More than two months after Maria devastated Puerto Rico on Sept. 20, Heggen said many small communities were still without telephone service, internet, running water and electricity. Even residents of larger towns had no indication of when power would be restored. Those in poor, rural communities had no contact from the Federal Emergency Management Administration or other U.S. government agencies and wondered if the government had forgotten them.

Transportation is severely limited. Residents must wait in lines to buy gasoline for generators and vehicles. Many walk to conserve fuel, which is also hazardous due to downed wires and poles, damaged sidewalks and debris that forces pedestrians to share the street with cars.

Because so much agriculture was destroyed, few local fruits or vegetables are available, and what remains is outrageously expensive. The dairy industry has been seriously affected. Several mothers reported their children had been crying for milk and didn’t understand why it wasn’t available.

90,000 chickens lost

The chicken industry has been devastated. A Mennonite farmer in Pulguillas lost between 90,000 and 100,000 chickens. He still has no electricity and therefore is unable to hatch eggs to replace those that died.

Many are experiencing symptoms of traumatic stress. Some reported their hearts beating so fast and hard they hurt. Others had shaking hands and lips. Many seemed severely depressed. Several showed signs of confusion and disorientation. Fear is prevalent, as are feelings of abandonment.

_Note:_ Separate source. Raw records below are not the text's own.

Definition wdeg (k : nat) (m : 'X_{1.. k + k}) : nat :=
  \sum_(j < k + k) wt j * m j.

(* p is homogeneous of degree e (0 is homogeneous of every degree). *)
Definition whomog (k : nat) (e : int) (p : Pol k) : bool :=
  all (fun m => (wdeg m)%:Z == e) (msupp p).

Definition eX (k j : nat) : Pol k :=
  \sum_(h : {set 'I_k} | #|h| == j) \prod_(i in h) 'X_(lshift k i).
Definition eY (k j : nat) : Pol k :=
  \sum_(h : {set 'I_k} | #|h| == j) \prod_(i in h) 'X_(rshift k i).

Definition esym_tuple (k : nat) : (k + k).-tuple (Pol k) :=
  [tuple match split j with inl i => eX k i.+1 | inr i => eY k i.+1 end
   | j < k + k].

Definition psum_diff (k m : nat) : Pol k :=
  \sum_(i < k) 'X_(lshift k i) ^+ m - \sum_(i < k) 'X_(rshift k i) ^+ m.

(* finitely generated free graded module  (+)_j S(-gdeg j):
   generator j has degree gdeg j. *)
Record gfree := GFree { grk : nat; gdeg : 'I_grk -> int }.

(* a matrix A : M -> N (acting on column vectors) is a graded homomorphism
   of degree e *)
Definition hom_of_deg (k : nat) (e : int) (M N : gfree)
  (A : 'M[Pol k]_(grk N, grk M)) : Prop :=
  forall (i : 'I_(grk N)) (j : 'I_(grk M)), whomog (gdeg j + e - gdeg i) (A i j).

Arguments hom_of_deg {k} e M N A.

(* graded matrix factorizations M^0 --f--> M^{-1} --g--> M^0 of type (S, w),
   w of degree d *)
Record gmf (k : nat) (w : Pol k) (d : int) := GMF {
  mf0 : gfree;
  mf1 : gfree;
  mf_f : 'M[Pol k]_(grk mf1, grk mf0);
  mf_g : 'M[Pol k]_(grk mf0, grk mf1);
  mf_f_deg : hom_of_deg d mf0 mf1 mf_f;
  mf_g_deg : hom_of_deg 0 mf1 mf0 mf_g;
  mf_gf : mf_g *m mf_f = w%:M;
  mf_fg : mf_f *m mf_g = w%:M }.

Definition is_mf_mor (k : nat) (w : Pol k) (d : int) (M N : gmf w d)
  (a : 'M[Pol k]_(grk (mf0 N), grk (mf0 M)))
  (b : 'M[Pol k]_(grk (mf1 N), grk (mf1 M))) : Prop :=
  [/\ hom_of_deg 0 (mf0 M) (mf0 N) a, hom_of_deg 0 (mf1 M) (mf1 N) b,
      mf_f N *m a = b *m mf_f M & mf_g N *m b = a *m mf_g M].

Arguments is_mf_mor {k w d} M N a b.

Definition mf_homotopic (k : nat) (w : Pol k) (d : int) (M N : gmf w d)
  (a a' : 'M[Pol k]_(grk (mf0 N), grk (mf0 M)))
  (b b' : 'M[Pol k]_(grk (mf1 N), grk (mf1 M))) : Prop :=
  exists (D0 : 'M[Pol k]_(grk (mf1 N), grk (mf0 M)))
         (D1 : 'M[Pol k]_(grk (mf0 N), grk (mf1 M))),
  [/\ hom_of_deg 0 (mf0 M) (mf1 N) D0, hom_of_deg (- d) (mf1 M) (mf0 N) D1,
      a - a' = mf_g N *m D0 + D1 *m mf_f M &
      b - b' = mf_f N *m D1 + D0 *m mf_g M].

Arguments mf_homotopic {k w d} M N a a' b b'.

Definition hmf_iso (k : nat) (w : Pol k) (d : int) (M N : gmf w d) : Prop :=
  exists a b a' b',
  [/\ is_mf_mor M N a b, is_mf_mor N M a' b',
      mf_homotopic M M (a' *m a) 1%:M (b' *m b) 1%:M &
      mf_homotopic N N (a *m a') 1%:M (b *m b') 1%:M].

Arguments hmf_iso {k w d} M N.

Definition gfree0 : gfree := GFree (fun _ : 'I_0 => 0%:Z).

Lemma hom_of_deg0 (k : nat) (e : int) (A : 'M[Pol k]_(0, 0)) :
  hom_of_deg e gfree0 gfree0 A.
Proof. by move=> [] //. Qed.
Lemma sum_triangle (V : nmodType) (G : nat -> nat -> V) N :
  \sum_(m < N) \sum_(v < m.+1) G m v = \sum_(v < N) \sum_(w < N - v) G (v + w)%N v.
Proof.
elim: N => [|N IH]; first by rewrite !big_ord0.
rewrite big_ord_recr /= IH [in RHS]big_ord_recr /= subSnn big_ord1 addn0.
rewrite big_ord_recr /= addrA; congr (_ + _).
rewrite -big_split /=; apply: eq_bigr => v _.
rewrite subSn; last exact: ltnW (ltn_ord v).
by rewrite big_ord_recr /= subnKC // ltnW.
Qed.

Section Multicomplex.
Set Implicit Arguments. Unset Strict Implicit.
Variables (R : comPzRingType) (n : option nat) (M : lmodType R) (A : multicomplex n M).
Local Notation d := (dd A).
Local Notation P := (piece A).

Lemma piece_cast p q p' q' x : x \in P p q -> p = p' -> q = q' -> x \in P p' q'.
Proof. by move=> h <- <-. Qed.

Lemma dd_piece (i : nat) p q p' q' x :
  x \in P p q -> p' = p - i%:Z -> q' = q + 1 - i%:Z -> d i x \in P p' q'.
Proof. by move=> h -> ->; apply: dd_deg. Qed.

Definition Dtot (u : nat -> M) (l : nat) : M :=
  \sum_(i < l.+1) (-1) ^+ i *: d i (u (l - i)%N).

Definition shift (c : nat -> M) (j : nat) : M := if j == 0%N then 0 else c j.-1.

Lemma Dtot_eq u v l : (forall j, (j <= l)%N -> u j = v j) -> Dtot u l = Dtot v l.
Proof. by move=> h; apply: eq_bigr => -[i hi] _ /=; rewrite h // leq_subr. Qed.

Lemma DtotD u v l : Dtot (fun j => u j + v j) l = Dtot u l + Dtot v l.
Proof. by rewrite /Dtot -big_split; apply: eq_bigr => i _; rewrite linearD scalerDr. Qed.

Lemma DtotB u v l : Dtot (fun j => u j - v j) l = Dtot u l - Dtot v l.
Proof. by rewrite /Dtot -sumrB; apply: eq_bigr => i _; rewrite linearB scalerBr. Qed.

Lemma Dtot_dd p q x l : x \in P p q -> Dtot (fun j => d j x) l = 0.
Proof. exact: dd_rel. Qed.

Lemma Dtot_shift0 c : Dtot (shift c) 0 = 0.
Proof. by rewrite /Dtot big_ord1 /shift /= linear0 scaler0. Qed.

Lemma Dtot_shiftS c l : Dtot (shift c) l.+1 = Dtot c l.
Proof.
rewrite /Dtot big_ord_recr /= subnn /shift /= linear0 scaler0 addr0.
by apply: eq_bigr => -[i hi] _ /=; rewrite subSn.
Qed.

Definition ZWpos (r : nat) (p q : int) (a : nat -> M) : Prop :=
  (forall i, (i < r)%N -> a i \in P (p - i%:Z) (q - i%:Z)) /\
  (forall l, (l < r)%N -> Dtot a l = 0).

Lemma ZWposE r p q a : (0 < r)%N -> ZW A r p q a = ZWpos r p q a.
Proof. by case: r. Qed.

Definition BWpos (r : nat) (p q : int) (b : nat -> M) (x : M) (c : nat -> M) :=
  [/\ x \in P p (q - 1), ZWpos r.-1 (p + r%:Z - 1) (q + r%:Z - 2) b
    & ZWpos r.-1 (p - 1) (q - 1) c].
(* Let $k\ge 2$, $r\ge k$, and let $H$ be a complete $k$-partite graph on $h$ vertices. There exists $\gamma_0>0$ such that for every $0<\gamma<\gamma_0$ there exist $\zeta>0$ and $n_0$ with the following property: for every $n\ge n_0$, if $P$ is a complete $s$-partite $K_{r+1}$-free graph on $n$ vertices with $\mathcal N(H,P)\ge \mathrm{ex}(n,H,K_{r+1})-\zeta n^h$, then $s=r$ and every part of $P$ has size at least $\gamma n$.
   Context: $\mathcal N(H,G)$ is the number of subgraphs of $G$ isomorphic to $H$; $\mathrm{ex}(n,H,K_{r+1})$ is the maximum of $\mathcal N(H,G)$ over $n$-vertex graphs $G$ containing no clique $K_{r+1}$. *)

From HB Require Import structures.
From mathcomp Require Import all_boot all_order all_algebra.
From mathcomp Require Import reals.
Set Implicit Arguments. Unset Strict Implicit. Unset Printing Implicit Defensive.

(* A (simple) graph on the vertex set 'I_n is given by its set of ordered
   edge pairs, required to be symmetric and irreflexive. *)
Definition graph (n : nat) := {set 'I_n * 'I_n}.

Definition simple_graph n (G : graph n) : bool :=
  [forall x : 'I_n, (x, x) \notin G] &&
  [forall x : 'I_n, forall y : 'I_n, ((x, y) \in G) ==> ((y, x) \in G)].

Definition clique_free n (m : nat) (G : graph n) : bool :=
  ~~ [exists S : {set 'I_n}, (#|S| == m) &&
        [forall x in S, forall y in S, (x != y) ==> ((x, y) \in G)]].

Definition cmp_colouring n s (c : 'I_n -> 'I_s) (G : graph n) : Prop :=
  (forall i : 'I_s, exists x : 'I_n, c x = i) /\
  (forall x y : 'I_n, ((x, y) \in G) = (c x != c y)).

Some reported feelings of anger — at the government and the insensitive things President Trump has said about Puerto Ricans, or at local authorities for not cleaning streets faster or restoring water and electricity. Some don’t know where to direct their anger, and several confessed anger at God while asking spiritual questions about God’s love, omnipotence and silence.

Many Puerto Ricans are evacuating. The government says more than 500,000 have fled to the U.S. mainland. An airport employee said more than 600 cars have been abandoned at the airport, the owners having left the country.

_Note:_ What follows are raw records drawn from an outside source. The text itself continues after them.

Lemma ideal_of_is_ideal s : is_ideal (ideal_of s).
Proof.
have [J0 JD JM] := ideal_take_is_ideal s (size s).
by split=> [|a b|r a]; rewrite ?ideal_ofE; [exact: J0 | exact: JD | exact: JM].
Qed.

Lemma ideal_of_nth s i : (i < size s)%N -> ideal_of s s`_i.
Proof. by move=> lt_is; apply/ideal_ofE/ideal_take_nth. Qed.

Lemma ideal_of_min s J :
  is_ideal J -> (forall i, (i < size s)%N -> J s`_i) -> forall p, ideal_of s p -> J p.
Proof. by move=> hJ Js p /ideal_ofE; apply: ideal_take_min. Qed.

Lemma ideal_of_seq1P (h p : R) : ideal_of [:: h] p <-> exists c, p = c * h.
Proof.
split=> [[c ->]|[c ->]]; first by exists (c ord0); rewrite big_ord1.
by exists (fun=> c); rewrite big_ord1.
Qed.

Lemma complete_intersection_ext J J' :
  (forall p, J p <-> J' p) -> complete_intersection J -> complete_intersection J'.
Proof. by move=> eJ [s [hs Js]]; exists s; split=> // p; rewrite -eJ. Qed.

(* Induction on [m]: regularity puts [c m] in the ideal of the earlier [s_i],
   and absorbing it into their coefficients leaves a shorter syzygy. *)
Lemma regular_syzygy s m (c : nat -> R) :
  regular_seq s -> (m <= size s)%N -> \sum_(i < m) c i * s`_i = 0 ->
  forall i, (i < m)%N -> ideal_take s m (c i).
Proof.
move=> reg_s; elim: m c => [//|m IHm] c lt_ms; rewrite big_ord_recr /= => syz.
have le_ms := ltnW lt_ms; have [_ _ JM] := ideal_take_is_ideal s m.+1.
have cm_in : ideal_take s m (c m).
  apply/(ideal_takeE _ le_ms)/(reg_s m lt_ms)/(ideal_takeE _ le_ms).
  rewrite mulrC -(addr0_eq syz); apply: is_idealN (ideal_take_is_ideal s m) _.
  by exists c.
have [d cmE] := cm_in.
have syz' : \sum_(i < m) (c i + d i * s`_m) * s`_i = 0.
  under eq_bigr do rewrite mulrDl mulrAC.
  by rewrite big_split /= -mulr_suml -cmE.
move=> i; rewrite ltnS leq_eqVlt => /predU1P [->|lt_im].
  exact: ideal_take_widen (leqnSn m) cm_in.
rewrite -[c i](addrK (d i * s`_m)); apply: (is_idealB (ideal_take_is_ideal s m.+1)).
  exact: ideal_take_widen (leqnSn m) (IHm (fun j => c j + d j * s`_m) le_ms syz' i lt_im).
by apply/JM/ideal_take_nth.
Qed.

Lemma regular_syzygy_eval s (v : 'I_n -> k) (c : 'I_(size s) -> R) :
  regular_seq s -> (forall i, (i < size s)%N -> (s`_i).@[v] = 0) ->
  \sum_i c i * s`_i = 0 -> forall i, (c i).@[v] = 0.
Proof.
move=> reg_s sv syz i.
pose c' j := if insub j is Some j' then c j' else 0.
have syz' : \sum_(j < size s) c' j * s`_j = 0.
  by rewrite -[RHS]syz; apply: eq_bigr => j _; rewrite /c' valK.
have := regular_syzygy reg_s (leqnn _) syz' (ltn_ord i).
by rewrite /c' valK; apply: (ideal_take_min (vanishing_is_ideal v) sv).
Qed.

End Ideals.

Section MinimalSets.
Variable n : nat.
Implicit Types (U V : {set 'I_n}) (F : seq {set 'I_n}).

Definition minimal F U : bool :=
  (U \in F) && all (fun V => (V \subset U) ==> (V == U)) F.

Lemma minimalP F U :
  reflect (U \in F /\ forall V, V \in F -> V \subset U -> V = U) (minimal F U).
Proof.
apply: (iffP andP) => -[UF minU]; split=> //.
  by move=> V VF sVU; apply/eqP; move/allP: minU => /(_ V VF); rewrite sVU.
by apply/allP => V VF; apply/implyP => /(minU V VF) ->.
Qed.

Lemma exists_minimal F U : U \in F -> exists2 V, minimal F V & V \subset U.
Proof.
move: {2}#|U|.+1 (ltnSn #|U|) => c; elim: c U => // c IHc U ltUc UF.
have [minU|] := boolP (minimal F U); first by exists U.
rewrite /minimal UF /= => /allPn [V VF]; rewrite negb_imply => /andP [sVU neVU].
have pVU : V \proper U by rewrite properEneq neVU.
have [W minW sWV] := IHc V (leq_trans (proper_card pVU) ltUc) VF.
by exists W => //; apply: subset_trans sWV sVU.
Qed.

Definition minimals F := undup (filter (minimal F) F).

Lemma minimals_uniq F : uniq (minimals F).
Proof. exact: undup_uniq. Qed.

Lemma mem_minimals F U : (U \in minimals F) = minimal F U.
Proof. by rewrite mem_undup mem_filter andb_idr // => /andP []. Qed.

Lemma minimals_antichain F : {in minimals F &, forall U V, U \subset V -> U = V}.
Proof.
move=> U V; rewrite !mem_minimals => /andP [UF _] /minimalP [_ minV] sUV.
exact: minV.
Qed.

End MinimalSets.

Section Monomials.
Variables (k : fieldType) (n : nat).
Local Notation R := {mpoly k[n]}.
Local Notation mono := (@mono k n).
Implicit Types (A B U : {set 'I_n}) (L F : seq {set 'I_n}) (p q : R).

Definition mset U : 'X_{1..n} := [multinom (i \in U : nat) | i < n].

Lemma msetE U i : mset U i = (i \in U).
Proof. by rewrite mnmE. Qed.

Lemma monoE U : mono U = 'X_[mset U].
Proof.
rewrite /Defs.mono mprodXE; congr 'X_[_]; apply/mnmP => j.
rewrite mnm_sumE msetE (eq_bigr (fun i => (i == j) : nat)) => [|i _]; last by rewrite mnm1E.
case: (boolP (j \in U)) => [jU|jNU].
  by rewrite (bigD1 j) //= eqxx big1 // => i /andP [_ /negbTE ->].
by rewrite big1 // => i iU; case: eqP iU => // ->; rewrite (negbTE jNU).
Qed.

Lemma mset_leP U (m : 'X_{1..n}) : reflect {in U, forall i, 0 < m i}%N (mset U <= m)%MM.
Proof.
apply: (iffP mnm_lepP) => le_Um i; rewrite ?msetE.
  by move=> iU; have := le_Um i; rewrite msetE iU.
by case: (boolP (i \in U)) => // /le_Um.
Qed.

Lemma mset_le A B : (mset A <= mset B)%MM = (A \subset B).
Proof.
apply/mset_leP/subsetP => sAB i /sAB; last by rewrite msetE => ->.
by rewrite msetE lt0b.
Qed.

Lemma mset_inj : injective mset.
Proof. by move=> A B eAB; apply/eqP; rewrite eqEsubset -!mset_le eAB lepm_refl. Qed.

Lemma msetU A B : [disjoint A & B] -> mset (A :|: B) = (mset A + mset B)%MM.
Proof.
move=> dAB; apply/mnmP => i; rewrite mnmDE !msetE inE.
by case: (boolP (i \in A)) => //= /(disjointFr dAB) ->.
Qed.

Lemma monoU A B : [disjoint A & B] -> mono (A :|: B) = mono A * mono B.
Proof. by move=> dAB; rewrite !monoE msetU // mpolyXD. Qed.

Lemma mono_lcm A B : mono A * mono (B :\: A) = mono B * mono (A :\: B).
Proof.
have dD (C D : {set 'I_n}) : [disjoint C & D :\: C].
  by rewrite -setI_eq0; apply/eqP/setP => x; rewrite !inE; case: (x \in C).
have eU (C D : {set 'I_n}) : C :|: D :\: C = C :|: D.
  by apply/setP => x; rewrite !inE; case: (x \in C).
by rewrite -!monoU // !eU setUC.
Qed.

Lemma meval_mono_indicator A (T : {set 'I_n}) :
  (mono A).@[fun i => (i \in T)%:R] = (A \subset T)%:R.
Proof.
rewrite rmorph_prod (eq_bigr (fun i => (i \in T)%:R)) => [|i _]; last exact: mevalXU.
have [sAT|/subsetPn [x xA xNT]] := boolP (A \subset T).
  by rewrite big1 // => i /(subsetP sAT) ->.
by rewrite (bigD1 x) //= (negbTE xNT) mul0r.
Qed.

Lemma mcoeffMXE p m m' :
  (p * 'X_[m])@_m' = if (m <= m')%MM then p@_(m' - m) else 0.
Proof.
case: ifP => [le_mm'|Nle_mm']; first by rewrite -{1}(submK le_mm') addmC mcoeffMX.
apply/eqP; rewrite mcoeff_eq0 (perm_mem (msuppMX p m)); apply/mapP => -[m'' _ em'].
by rewrite em' lem_addr in Nle_mm'.
Qed.

Lemma mcoeff_monoM U p m : (mono U * p)@_(mset U + m) = p@_m.
Proof. by rewrite mulrC monoE mcoeffMX. Qed.

Definition mono_ideal L p :=
  forall m, m \in msupp p -> exists2 U, U \in L & (mset U <= m)%MM.

Lemma mono_ideal_is_ideal L : is_ideal (mono_ideal L).
Proof.
split=> [m|a b Ia Ib m /msuppD_le|c a Ia m /msuppM_le /allpairsP [[m1 m2] /= [_ m2a ->]]].
- by rewrite msupp0.
- by rewrite mem_cat => /orP [/Ia|/Ib].
- have [U UL le_Um2] := Ia _ m2a; exists U => //.
  exact: lepm_trans le_Um2 (lem_addl _ _).
Qed.

Lemma mono_ideal_mono L U : U \in L -> mono_ideal L (mono U).
Proof. by move=> UL m; rewrite monoE msuppX inE => /eqP ->; exists U; rewrite ?lepm_refl. Qed.

Lemma mono_idealP L p : ideal_of (map mono L) p <-> mono_ideal L p.
Proof.
split.
  apply: (ideal_of_min (mono_ideal_is_ideal L)) => i; rewrite size_map => ltiL.
  by rewrite (nth_map set0) //; apply/mono_ideal_mono/mem_nth.
move=> Ip; rewrite [p]mpolyE big_seq; have [I0 ID IM] := ideal_of_is_ideal (map mono L).
elim/big_ind: _ => // m /Ip [U UL le_Um].
rewrite -(submK le_Um) mpolyXD -monoE scalerAl.
apply: IM; rewrite -(nth_index set0 UL) -(nth_map set0 0) ?index_mem //.
by apply: ideal_of_nth; rewrite size_map index_mem.
Qed.

Lemma ideal_of_monoE L p : ideal_of (map mono L) p <->
  exists c : 'I_(size L) -> R, p = \sum_i c i * mono (nth set0 L i).
Proof.
rewrite ideal_ofE; split=> -[c ->].
  by exists (fun i => c i); rewrite size_map; apply: eq_bigr => i _; rewrite (nth_map set0).
exists (fun i => if insub i is Some j then c j else 0); rewrite size_map.
by apply: eq_bigr => i _; rewrite valK (nth_map set0).
Qed.

Lemma mono_ideal_cap S L p :
  ideal_of [:: mono S] p /\ ideal_of (map mono L) p <->
  exists2 q, mono_ideal [seq A :\: S | A <- L] q & p = mono S * q.
Proof.
rewrite ideal_of_seq1P mono_idealP; split=> [[[q ->] Iq]|[q Iq ->]]; last first.
  split; first by exists q; rewrite mulrC.
  move=> m; rewrite monoE mulrC mcoeff_msupp mcoeffMXE.
  case: ifP => [le_Sm|]; last by rewrite eqxx.
  rewrite -mcoeff_msupp => /Iq [_ /mapP [A AL ->] le_ASm].
  exists A => //; apply/mset_leP => i iA; rewrite -(submK le_Sm) mnmDE msetE.
  case: (boolP (i \in S)) => [|iNS]; first by rewrite addn1.
  by move/mset_leP: le_ASm => /(_ i); rewrite inE iNS iA addn0 => ->.
exists q; last by rewrite mulrC.
move=> m; rewrite mcoeff_msupp -(mcoeff_monoM S) -mcoeff_msupp mulrC => /Iq [A AL le_Am].
exists (A :\: S); first exact: map_f.
apply/mset_leP => i; rewrite inE => /andP [iNS iA].
by move/mset_leP: le_Am => /(_ i iA); rewrite mnmDE msetE (negbTE iNS).
Qed.

(* If [mono U * b] lies in the ideal of the earlier generators, so does [b]:
   each generator dividing a monomial of [mono U * b] is coprime to [mono U]. *)
Lemma disjoint_regular_seq L :
  uniq L -> {in L &, forall U W, U != W -> [disjoint U & W]} ->
  regular_seq (map mono L).
Proof.
move=> uL dL i; rewrite size_map => ltiL b.
rewrite -map_take (nth_map set0) // !mono_idealP; set U := nth set0 L i.
move=> Ib m m_b.
have /Ib [V VL le_Vm] : (mset U + m)%MM \in msupp (mono U * b).
  by rewrite mcoeff_msupp mcoeff_monoM -mcoeff_msupp.
have UNV : U != V.
  have U_drop : U \in drop i L.
    by have := @mem_nth _ set0 (drop i L) 0; rewrite nth_drop addn0 size_drop subn_gt0; apply.
  have : uniq (take i L ++ drop i L) by rewrite cat_take_drop.
  rewrite cat_uniq => /and3P [_ /hasPn /(_ U U_drop) UNtake _].
  by apply: contraNneq UNtake => ->.
exists V => //; apply/mset_leP => j jV; move/mset_leP: le_Vm => /(_ j jV).
rewrite mnmDE msetE; case: (boolP (j \in U)) => //= jU.
by rewrite (disjointFr (dL _ _ (mem_nth set0 ltiL) (mem_take VL) UNV) jU) in jV.
Qed.

Lemma disjoint_complete_intersection L :
  uniq L -> {in L &, forall U W, U != W -> [disjoint U & W]} ->
  complete_intersection (ideal_of (map mono L)).
Proof. by move=> uL dL; exists (map mono L); split=> //; apply: disjoint_regular_seq. Qed.

Lemma mono_ideal_minimals F p :
  mono_ideal F p <-> mono_ideal (minimals F) p.
Proof.
split=> Ip m /Ip [U UF le_Um]; last by exists U; rewrite // mem_minimals in UF; case/andP: UF.
have [V minV sVU] := exists_minimal UF; exists V; first by rewrite mem_minimals.
by apply: lepm_trans le_Um; rewrite mset_le.
Qed.

Lemma ideal_of_minimals F p :
  ideal_of (map mono F) p <-> ideal_of (map mono (minimals F)) p.
Proof. by rewrite !mono_idealP mono_ideal_minimals. Qed.

End Monomials.

Section CompleteIntersectionMatrices.
Variables (k : fieldType) (n : nat).
Local Notation R := {mpoly k[n]}.
Local Notation mono := (@mono k n).
Variables (L : seq {set 'I_n}) (s : seq R).
Hypotheses (uL : uniq L) (antiL : {in L &, forall A B : {set 'I_n}, A \subset B -> A = B}).
Hypothesis reg_s : regular_seq s.
Local Notation N := (size L).
Local Notation r := (size s).
Local Notation L_ a := (nth set0 L a).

Thirteen elderly people were carried in wheelchairs onto Heggen’s returning flight, all on their way to live with adult children in the U.S. One woman said she was depressed to leave but couldn’t survive alone in her leaking house without water or a way to get food.

MHS urges constituents not to forget Puerto Rico in prayer and to consider a donation of dollars or volunteer hours to Mennonite Disaster Service.